• Your task:
Search the data below for the word "exact" and copy each line that holds it.

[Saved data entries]
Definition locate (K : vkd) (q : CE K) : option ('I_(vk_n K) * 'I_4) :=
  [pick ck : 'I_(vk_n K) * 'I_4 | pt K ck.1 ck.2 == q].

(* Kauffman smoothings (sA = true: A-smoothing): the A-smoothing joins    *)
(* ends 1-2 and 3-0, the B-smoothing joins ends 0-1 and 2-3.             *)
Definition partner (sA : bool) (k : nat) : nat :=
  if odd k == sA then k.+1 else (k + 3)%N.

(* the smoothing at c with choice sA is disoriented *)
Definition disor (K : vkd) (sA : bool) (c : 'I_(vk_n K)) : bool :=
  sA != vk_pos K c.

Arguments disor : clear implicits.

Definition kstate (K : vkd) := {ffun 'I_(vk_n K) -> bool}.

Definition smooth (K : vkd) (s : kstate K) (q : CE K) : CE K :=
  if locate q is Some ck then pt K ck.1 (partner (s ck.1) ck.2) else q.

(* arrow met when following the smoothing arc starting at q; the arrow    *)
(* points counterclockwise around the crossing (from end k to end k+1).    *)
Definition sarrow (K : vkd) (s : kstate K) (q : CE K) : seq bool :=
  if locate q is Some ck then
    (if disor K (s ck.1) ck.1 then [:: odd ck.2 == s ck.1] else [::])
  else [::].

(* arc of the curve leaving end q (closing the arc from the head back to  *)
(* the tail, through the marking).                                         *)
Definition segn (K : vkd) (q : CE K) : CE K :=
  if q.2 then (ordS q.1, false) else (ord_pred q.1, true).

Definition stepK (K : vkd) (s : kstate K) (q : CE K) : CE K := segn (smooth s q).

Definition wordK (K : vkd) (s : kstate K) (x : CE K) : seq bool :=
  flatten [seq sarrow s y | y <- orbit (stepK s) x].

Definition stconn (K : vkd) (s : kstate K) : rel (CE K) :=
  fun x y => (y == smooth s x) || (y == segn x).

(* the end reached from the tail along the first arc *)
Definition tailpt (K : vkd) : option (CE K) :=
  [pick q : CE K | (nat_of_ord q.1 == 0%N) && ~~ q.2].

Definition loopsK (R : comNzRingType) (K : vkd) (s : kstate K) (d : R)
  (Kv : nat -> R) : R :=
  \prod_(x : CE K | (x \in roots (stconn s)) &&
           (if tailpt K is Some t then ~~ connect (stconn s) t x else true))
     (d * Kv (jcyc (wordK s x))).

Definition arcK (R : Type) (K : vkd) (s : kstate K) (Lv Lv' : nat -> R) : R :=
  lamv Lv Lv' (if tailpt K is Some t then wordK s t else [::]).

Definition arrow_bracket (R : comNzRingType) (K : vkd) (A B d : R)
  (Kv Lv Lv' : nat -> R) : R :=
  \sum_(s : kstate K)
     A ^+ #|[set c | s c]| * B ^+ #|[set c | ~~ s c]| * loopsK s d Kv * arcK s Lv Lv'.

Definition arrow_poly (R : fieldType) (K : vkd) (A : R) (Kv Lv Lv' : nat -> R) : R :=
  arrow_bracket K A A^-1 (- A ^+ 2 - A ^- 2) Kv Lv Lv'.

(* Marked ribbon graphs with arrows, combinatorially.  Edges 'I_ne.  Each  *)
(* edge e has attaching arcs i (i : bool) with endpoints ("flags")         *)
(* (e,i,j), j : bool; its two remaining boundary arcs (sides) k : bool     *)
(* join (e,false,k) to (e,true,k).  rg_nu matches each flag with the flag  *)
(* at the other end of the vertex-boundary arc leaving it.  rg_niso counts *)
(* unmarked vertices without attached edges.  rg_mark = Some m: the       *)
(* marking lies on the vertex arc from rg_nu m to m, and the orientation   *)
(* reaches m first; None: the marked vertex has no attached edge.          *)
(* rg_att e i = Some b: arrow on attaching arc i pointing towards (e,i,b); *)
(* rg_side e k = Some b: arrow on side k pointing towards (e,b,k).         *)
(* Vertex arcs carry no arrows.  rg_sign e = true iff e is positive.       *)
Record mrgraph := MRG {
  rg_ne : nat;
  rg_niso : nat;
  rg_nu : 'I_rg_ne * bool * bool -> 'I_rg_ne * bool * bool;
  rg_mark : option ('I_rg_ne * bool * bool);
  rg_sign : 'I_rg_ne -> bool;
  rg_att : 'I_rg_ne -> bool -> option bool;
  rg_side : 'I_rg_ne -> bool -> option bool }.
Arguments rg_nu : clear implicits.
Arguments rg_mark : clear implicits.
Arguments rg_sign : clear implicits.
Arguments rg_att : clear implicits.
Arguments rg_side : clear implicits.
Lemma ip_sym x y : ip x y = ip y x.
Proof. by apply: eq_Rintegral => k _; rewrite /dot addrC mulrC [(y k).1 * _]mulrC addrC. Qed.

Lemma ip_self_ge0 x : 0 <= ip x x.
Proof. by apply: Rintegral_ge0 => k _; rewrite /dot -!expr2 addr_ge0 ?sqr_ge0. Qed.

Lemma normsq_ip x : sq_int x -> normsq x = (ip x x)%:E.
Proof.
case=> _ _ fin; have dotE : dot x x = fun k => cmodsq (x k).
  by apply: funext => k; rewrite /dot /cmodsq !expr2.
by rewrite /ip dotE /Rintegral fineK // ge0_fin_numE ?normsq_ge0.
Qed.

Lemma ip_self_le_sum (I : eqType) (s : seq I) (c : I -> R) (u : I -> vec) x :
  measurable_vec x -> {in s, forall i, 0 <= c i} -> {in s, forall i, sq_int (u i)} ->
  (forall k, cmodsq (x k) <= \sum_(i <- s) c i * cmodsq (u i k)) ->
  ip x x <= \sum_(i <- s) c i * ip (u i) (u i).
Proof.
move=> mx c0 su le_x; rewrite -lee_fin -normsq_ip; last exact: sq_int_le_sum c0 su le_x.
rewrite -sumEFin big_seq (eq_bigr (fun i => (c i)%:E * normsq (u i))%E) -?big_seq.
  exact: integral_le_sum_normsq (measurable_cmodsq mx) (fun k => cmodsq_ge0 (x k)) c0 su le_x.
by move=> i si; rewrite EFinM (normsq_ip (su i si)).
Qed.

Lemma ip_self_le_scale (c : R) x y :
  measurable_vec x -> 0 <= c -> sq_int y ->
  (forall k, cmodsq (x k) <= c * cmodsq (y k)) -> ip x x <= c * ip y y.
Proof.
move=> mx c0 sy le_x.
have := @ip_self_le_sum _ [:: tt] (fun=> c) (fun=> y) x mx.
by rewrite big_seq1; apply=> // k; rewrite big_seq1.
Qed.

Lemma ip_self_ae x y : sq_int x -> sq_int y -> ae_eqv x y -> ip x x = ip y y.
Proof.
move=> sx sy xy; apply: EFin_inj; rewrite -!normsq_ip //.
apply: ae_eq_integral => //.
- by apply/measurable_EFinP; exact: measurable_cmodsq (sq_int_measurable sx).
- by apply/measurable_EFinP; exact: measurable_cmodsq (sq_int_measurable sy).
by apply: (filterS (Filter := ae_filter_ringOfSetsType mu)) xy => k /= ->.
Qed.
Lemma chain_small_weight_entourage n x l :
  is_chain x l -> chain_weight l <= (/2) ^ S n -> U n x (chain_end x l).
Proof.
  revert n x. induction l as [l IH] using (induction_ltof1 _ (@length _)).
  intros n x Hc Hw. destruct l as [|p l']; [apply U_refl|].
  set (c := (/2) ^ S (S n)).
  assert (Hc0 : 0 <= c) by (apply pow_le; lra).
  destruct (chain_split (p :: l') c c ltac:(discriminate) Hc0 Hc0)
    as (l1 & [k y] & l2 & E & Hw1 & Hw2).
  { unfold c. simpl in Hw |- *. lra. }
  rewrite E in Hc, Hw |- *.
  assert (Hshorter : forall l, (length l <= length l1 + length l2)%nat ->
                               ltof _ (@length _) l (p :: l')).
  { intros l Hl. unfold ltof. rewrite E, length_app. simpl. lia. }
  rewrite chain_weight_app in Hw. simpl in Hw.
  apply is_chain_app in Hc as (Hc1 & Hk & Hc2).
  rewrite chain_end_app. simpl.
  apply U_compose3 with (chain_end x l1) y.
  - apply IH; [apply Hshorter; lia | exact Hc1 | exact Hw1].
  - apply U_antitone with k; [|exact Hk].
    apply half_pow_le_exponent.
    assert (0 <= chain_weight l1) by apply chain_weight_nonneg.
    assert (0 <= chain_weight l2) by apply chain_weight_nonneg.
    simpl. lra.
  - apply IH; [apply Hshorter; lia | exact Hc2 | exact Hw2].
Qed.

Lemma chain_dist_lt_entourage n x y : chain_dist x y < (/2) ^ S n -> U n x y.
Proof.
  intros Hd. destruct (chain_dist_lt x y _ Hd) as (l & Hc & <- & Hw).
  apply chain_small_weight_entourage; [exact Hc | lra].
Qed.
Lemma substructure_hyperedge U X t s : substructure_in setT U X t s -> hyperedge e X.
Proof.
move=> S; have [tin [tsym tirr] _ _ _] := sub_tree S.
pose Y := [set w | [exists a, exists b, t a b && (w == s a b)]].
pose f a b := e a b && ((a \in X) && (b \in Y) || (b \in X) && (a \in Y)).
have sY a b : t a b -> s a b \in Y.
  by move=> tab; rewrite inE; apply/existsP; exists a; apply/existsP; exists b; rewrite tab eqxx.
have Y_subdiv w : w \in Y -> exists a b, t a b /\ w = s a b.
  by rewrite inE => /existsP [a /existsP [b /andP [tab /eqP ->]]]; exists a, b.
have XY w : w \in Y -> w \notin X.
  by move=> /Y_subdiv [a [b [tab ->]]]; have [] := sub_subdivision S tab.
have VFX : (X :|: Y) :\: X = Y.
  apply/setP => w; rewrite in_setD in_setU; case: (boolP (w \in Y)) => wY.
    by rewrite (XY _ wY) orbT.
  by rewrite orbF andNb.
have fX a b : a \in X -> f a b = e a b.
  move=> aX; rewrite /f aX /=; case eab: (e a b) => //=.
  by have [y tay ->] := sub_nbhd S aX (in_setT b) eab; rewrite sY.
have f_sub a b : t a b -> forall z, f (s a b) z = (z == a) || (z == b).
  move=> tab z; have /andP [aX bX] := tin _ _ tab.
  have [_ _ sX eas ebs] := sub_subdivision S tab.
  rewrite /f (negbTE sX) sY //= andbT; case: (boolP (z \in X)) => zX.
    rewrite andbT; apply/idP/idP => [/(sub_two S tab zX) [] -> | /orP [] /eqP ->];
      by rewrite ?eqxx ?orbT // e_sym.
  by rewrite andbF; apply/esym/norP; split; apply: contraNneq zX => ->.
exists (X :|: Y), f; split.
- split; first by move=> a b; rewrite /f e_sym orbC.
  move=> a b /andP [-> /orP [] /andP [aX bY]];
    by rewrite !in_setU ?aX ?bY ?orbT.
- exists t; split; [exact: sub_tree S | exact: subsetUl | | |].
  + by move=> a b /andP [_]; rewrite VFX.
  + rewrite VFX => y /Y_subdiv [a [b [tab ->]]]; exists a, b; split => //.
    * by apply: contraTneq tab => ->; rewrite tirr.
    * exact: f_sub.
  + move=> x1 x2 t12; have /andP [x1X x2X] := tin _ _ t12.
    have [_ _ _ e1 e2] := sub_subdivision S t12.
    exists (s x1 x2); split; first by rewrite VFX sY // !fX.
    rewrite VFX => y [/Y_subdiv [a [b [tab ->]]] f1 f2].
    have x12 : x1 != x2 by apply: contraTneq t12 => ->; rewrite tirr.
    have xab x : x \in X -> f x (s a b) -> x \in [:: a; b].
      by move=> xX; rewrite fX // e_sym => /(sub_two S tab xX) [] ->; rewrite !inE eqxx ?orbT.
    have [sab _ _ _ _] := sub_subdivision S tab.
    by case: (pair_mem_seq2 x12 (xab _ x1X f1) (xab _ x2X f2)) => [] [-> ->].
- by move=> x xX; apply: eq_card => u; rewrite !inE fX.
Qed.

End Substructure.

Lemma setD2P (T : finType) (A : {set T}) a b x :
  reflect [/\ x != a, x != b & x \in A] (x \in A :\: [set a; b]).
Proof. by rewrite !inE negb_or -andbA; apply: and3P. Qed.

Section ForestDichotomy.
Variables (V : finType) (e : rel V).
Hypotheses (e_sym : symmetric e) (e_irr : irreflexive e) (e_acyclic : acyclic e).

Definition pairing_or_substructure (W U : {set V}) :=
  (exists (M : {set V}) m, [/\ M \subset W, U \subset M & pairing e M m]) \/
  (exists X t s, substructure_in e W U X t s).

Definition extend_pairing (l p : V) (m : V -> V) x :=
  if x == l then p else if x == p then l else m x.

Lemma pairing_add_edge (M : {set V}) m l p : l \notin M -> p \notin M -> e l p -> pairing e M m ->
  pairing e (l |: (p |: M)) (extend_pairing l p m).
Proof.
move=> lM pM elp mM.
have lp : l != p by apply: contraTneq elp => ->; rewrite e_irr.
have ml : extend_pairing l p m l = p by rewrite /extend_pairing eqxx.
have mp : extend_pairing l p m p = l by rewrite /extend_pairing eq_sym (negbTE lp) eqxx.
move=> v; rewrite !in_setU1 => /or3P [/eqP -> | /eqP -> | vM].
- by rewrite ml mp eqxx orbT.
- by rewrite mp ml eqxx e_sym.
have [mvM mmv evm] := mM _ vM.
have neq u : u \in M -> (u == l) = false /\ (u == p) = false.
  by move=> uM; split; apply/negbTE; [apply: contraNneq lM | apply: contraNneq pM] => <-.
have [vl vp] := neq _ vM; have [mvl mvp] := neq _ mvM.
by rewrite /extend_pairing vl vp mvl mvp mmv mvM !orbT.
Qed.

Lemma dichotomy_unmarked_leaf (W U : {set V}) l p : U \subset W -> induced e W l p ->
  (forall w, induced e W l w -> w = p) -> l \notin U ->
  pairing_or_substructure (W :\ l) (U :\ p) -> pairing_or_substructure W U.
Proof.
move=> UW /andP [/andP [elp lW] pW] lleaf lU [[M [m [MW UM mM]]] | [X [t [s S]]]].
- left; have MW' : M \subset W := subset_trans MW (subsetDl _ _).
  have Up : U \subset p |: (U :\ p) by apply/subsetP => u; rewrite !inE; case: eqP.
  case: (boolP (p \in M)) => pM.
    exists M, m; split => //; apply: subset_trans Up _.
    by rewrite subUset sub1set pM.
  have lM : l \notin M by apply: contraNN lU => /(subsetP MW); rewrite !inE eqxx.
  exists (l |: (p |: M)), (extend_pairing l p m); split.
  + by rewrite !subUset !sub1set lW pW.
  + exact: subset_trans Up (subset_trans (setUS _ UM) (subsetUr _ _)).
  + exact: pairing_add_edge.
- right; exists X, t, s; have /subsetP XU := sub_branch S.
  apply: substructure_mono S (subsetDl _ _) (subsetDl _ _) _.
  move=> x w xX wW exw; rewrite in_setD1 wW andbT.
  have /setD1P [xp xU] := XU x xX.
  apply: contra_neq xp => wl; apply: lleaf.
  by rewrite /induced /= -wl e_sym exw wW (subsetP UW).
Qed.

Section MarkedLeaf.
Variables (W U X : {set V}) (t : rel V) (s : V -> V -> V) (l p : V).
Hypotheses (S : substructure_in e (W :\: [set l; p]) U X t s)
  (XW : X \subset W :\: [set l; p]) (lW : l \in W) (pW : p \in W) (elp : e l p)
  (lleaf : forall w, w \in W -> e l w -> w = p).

• Your response:
move=> mx c0 su le_x; rewrite -lee_fin -normsq_ip; last exact: sq_int_le_sum c0 su le_x.
  exact: integral_le_sum_normsq (measurable_cmodsq mx) (fun k => cmodsq_ge0 (x k)) c0 su le_x.
- by apply/measurable_EFinP; exact: measurable_cmodsq (sq_int_measurable sx).
- by apply/measurable_EFinP; exact: measurable_cmodsq (sq_int_measurable sy).
  - apply IH; [apply Hshorter; lia | exact Hc1 | exact Hw1].
  - apply U_antitone with k; [|exact Hk].
  - apply IH; [apply Hshorter; lia | exact Hc2 | exact Hw2].
  apply chain_small_weight_entourage; [exact Hc | lra].
- exists t; split; [exact: sub_tree S | exact: subsetUl | | |].
    * exact: f_sub.
  + exact: subset_trans Up (subset_trans (setUS _ UM) (subsetUr _ _)).
  + exact: pairing_add_edge.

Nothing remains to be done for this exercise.